Benim büyüklerime, küçüklerime saygım var. Ben devletçi bir insanım. Devletime saygım var. Allah devletime her zaman güç ve kuvvet versin. Devletimin temsil edildiği her yerde devletime saygı gösterdiğimi belirtmem bile bana göre anormal. Biz böyle büyütüldük.
"BİZİ BİRBİRİMİZE O KADAR KUTUPLAŞTIRDILAR Kİ..."
Nasıl bu kadar kutuplaştık. Kutuplaşma her yerde var. Hayatı yaşarken bir aradayız. Biz hayatı birbirine bağlı ve saygıyla sevgiyle yaşayan bir millet olmamıza rağmen o kadar kutuplaştırdılar ki… Hayatın her alanında sevgiyle yaşayan millet olarak bugün farklı forma giydi diye insanlara saldırır olduk, insanlar birbirini öldürdü.

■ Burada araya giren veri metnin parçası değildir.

(* Let $\langle \Lambda, \mathcal{S}\rangle$ be a measurable space and let $P_{00}, P_{0+}, P_{+0}, P_{++}$ be four probability measures on it that satisfy the Preparation Uninformativeness Condition, i.e. there is a measure $Q$ dominating all four, with densities $\mu_{xy} = dP_{xy}/dQ$ ($x,y\in\{0,+\}$) such that for all $\lambda\in\Lambda$, $$\mu_{00}(\lambda)\,\mu_{++}(\lambda) = \mu_{0+}(\lambda)\,\mu_{+0}(\lambda).$$ Let $\varepsilon>0$ and suppose there is an $m$-outcome experiment $E$, given by measurable functions $p_k:\Lambda\to[0,1]$, $k\in K$, $|K|=m$, with $\sum_{k\in K}p_k(\lambda)=1$ for all $\lambda$, such that each outcome $k$ is $\varepsilon$-precluded by some $P_{xy}$, i.e. for each $k$ there exist $x,y\in\{0,+\}$ with $\int_\Lambda p_k\,dP_{xy}\le\varepsilon$. Then $$\delta(P_{00},P_{++}) \ge H(P_{00},P_{++})^2 \ge 1-2\sqrt{m\varepsilon}$$ and $$\delta(P_{0+},P_{+0}) \ge H(P_{0+},P_{+0})^2 \ge 1-2\sqrt{m\varepsilon}.$$
   Context: For probability measures $P,P'$ on $\langle\Lambda,\mathcal{S}\rangle$ with densities $p,q$ with respect to a common dominating measure $\nu$: the total variation distance is $\delta(P,P')=\sup_{A\in\mathcal{S}}|P(A)-P'(A)|=1-\int_\Lambda\min(p,q)\,d\nu$, and the Hellinger distance $H(P,P')$ is defined by $H(P,P')^2=\frac12\int_\Lambda(\sqrt p-\sqrt q)^2\,d\nu = 1-\int_\Lambda\sqrt{pq}\,d\nu$. *)

From HB Require Import structures.
From mathcomp Require Import all_boot all_order all_algebra.
From mathcomp Require Import all_classical all_reals all_analysis.
Set Implicit Arguments. Unset Strict Implicit. Unset Printing Implicit Defensive.
Import Order.TTheory GRing.Theory Num.Theory.
Local Open Scope classical_set_scope.
Local Open Scope ring_scope.
Local Open Scope ereal_scope.

Definition tv_dist (d : measure_display) (T : measurableType d) (R : realType)
  (P P' : probability T R) : \bar R :=
  ereal_sup [set `|P A - P' A| | A in measurable].

(* Squared Hellinger distance computed from densities p, q w.r.t. a common
   dominating measure nu:  H^2 = 1 - \int sqrt(p q) dnu. *)
Definition hellinger2 (d : measure_display) (T : measurableType d) (R : realType)
  (nu : {measure set T -> \bar R}) (p q : T -> R) : \bar R :=
  1 - \int[nu]_t (Num.sqrt (p t * q t))%:E.

Definition is_density (d : measure_display) (T : measurableType d) (R : realType)
  (nu : {measure set T -> \bar R}) (P : probability T R) (f : T -> R) : Prop :=
  [/\ measurable_fun setT f, (forall t, (0 <= f t)%R) &
      forall A, measurable A -> P A = \int[nu]_(t in A) (f t)%:E].

From HB Require Import structures.
From mathcomp Require Import all_boot all_order all_algebra.
From mathcomp Require Import all_classical all_reals all_analysis.
From mathcomp Require Import measurable_realfun ring lra.
Import Order.TTheory GRing.Theory Num.Theory.
Local Open Scope classical_set_scope.
Local Open Scope ring_scope.
Local Open Scope ereal_scope.

(* Taking A = {mu' < mu}, the overlap \int min(mu, mu') dQ equals
   1 - (P A - P' A), and min(mu, mu') <= sqrt(mu mu'), whence H^2 <= delta.
   Under the PUC, sqrt(mu_00 mu_++) = sqrt(mu_0+ mu_+0) = sqrt(mu_xy mu_x'y')
   for every (x, y), with x', y' the opposite labels, so both pairs have the
   same Hellinger affinity, and by AM-GM it is at most
   mu_xy / r + (r / 4) (mu_00 + mu_0+ + mu_+0 + mu_++).  Averaging these bounds
   with weights p_k, where (x, y) is a pair precluding outcome k, and
   integrating bounds the affinity by m eps / r + r, i.e. by 2 sqrt(m eps)
   for r = sqrt(m eps). *)

Section real_inequalities.
Context {R : rcfType}.
Local Open Scope ring_scope.

Lemma min_le_sqrt_mul (a b : R) : 0 <= a -> 0 <= b ->
  Num.min a b <= Num.sqrt (a * b).
Proof.
move=> a0 b0; have m0 : 0 <= Num.min a b by rewrite le_min a0 b0.
rewrite -(ger0_norm m0) -sqrtr_sqr ler_wsqrtr // expr2.
by rewrite ler_pM // ge_min lexx ?orbT.
Qed.

Lemma sqrt_mul_le_scaled (r X Y : R) : 0 < r -> 0 <= X -> 0 <= Y ->
  Num.sqrt (X * Y) <= X / r + r / 4 * Y.
Proof.
move=> r0 X0 Y0; rewrite sqrtrM // -subr_ge0.
have := sqr_sqrtr X0; have := sqr_sqrtr Y0.
set u := Num.sqrt X; set v := Num.sqrt Y => <- <-.
have -> : u ^+ 2 / r + r / 4 * v ^+ 2 - u * v = (u - r / 2 * v) ^+ 2 / r.
  by field; rewrite gt_eqF.
by rewrite divr_ge0 ?sqr_ge0 ?ltW.
Qed.

End real_inequalities.

Section density.
Context {d : measure_display} {T : measurableType d} {R : realType}
  {Q : {measure set T -> \bar R}} {P : probability T R} {f : T -> R}.
Hypothesis Pf : is_density Q P f.

Let mf : measurable_fun setT f. Proof. by case: Pf. Qed.
Let f0 t : (0 <= f t)%R. Proof. by case: Pf. Qed.

Lemma integral_density_setT : \int[Q]_t (f t)%:E = 1.
Proof. by case: Pf => _ _ <-; rewrite ?probability_setT. Qed.

Lemma integral_density_indic (E A : set T) : measurable E -> measurable A ->
  \int[Q]_(x in E) ((\1_A x)%:E * (f x)%:E) = P (A `&` E).
Proof.
move=> mE mA; case: Pf => _ _ ->; last exact: measurableI.
rewrite setIC integral_mkcondr; apply: eq_integral => x _.
by rewrite epatch_indic /= muleC.
Qed.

Biz büyük çoğunluğu müslüman olan, vatansever duygusu ile yaşayan millet, öznesi vatan – millet, bayrak olan bir toplumken nasıl olurda bu kadar hakaret eden, ayrışan bir millet haline geldi. Sözde entellektüel aydınlar adı altında kendi halkından tiksinen, küçümseyen ve aşağılayan bir aydın kitlesi var. Bunların işi aşağılamak. Aydınlatamayan aydınlar onlar. Bu ülkeye ait her şeyi aşağılıyorlar. Bu insanlar bir de kendine aydın diyor.
Bu ülke hepimizin.Bu ülkenin kırmızı çizgileri olmalı nedir bu? Vatan, millet ve bayraktır. Bugün Türkiye'ye düşman olan birinin bile zikredemeyeceği kelamları kendi devletine ediyorsan bu anormal bir şey. Kabul edilebilir bir şey de değil. Akıllada izah edilebilir bir şey değil bu.
CUMHURBAŞKANI'NA HAKARET
Bizde belli bir kitle, demokrasi ve fikir özgürlükleri altında bilgisiz, devletine hakaret ediyor. Millet tarafından seçilmiş Cumhurbaşkanı'na hakaret ediyor. Buna da demokrasi ve fikir özgürlüğü diyor. Diyorum ki acaba biz bir noktayı mı kaçırdık? Birde bu anormalliği normalleştirmeye çalışıyorlar. Bizi biz yapan şey de duygularımızdır. Bu yapılanlara, fütursuzluklara ve ahlaksızlıkara tepki vermemeyi ben insan değilim olarak görüyorum. Onların ne düşündüğü noltasını aştım ben. Ordan bir sonuç alamayacağıma kanaat getirdim artık ben . Benim fikrine, görüşüne katılmadığım bir sürü siyasi bürokrat var ama ben onlara hakaret etmiyorum. Olması gereken o.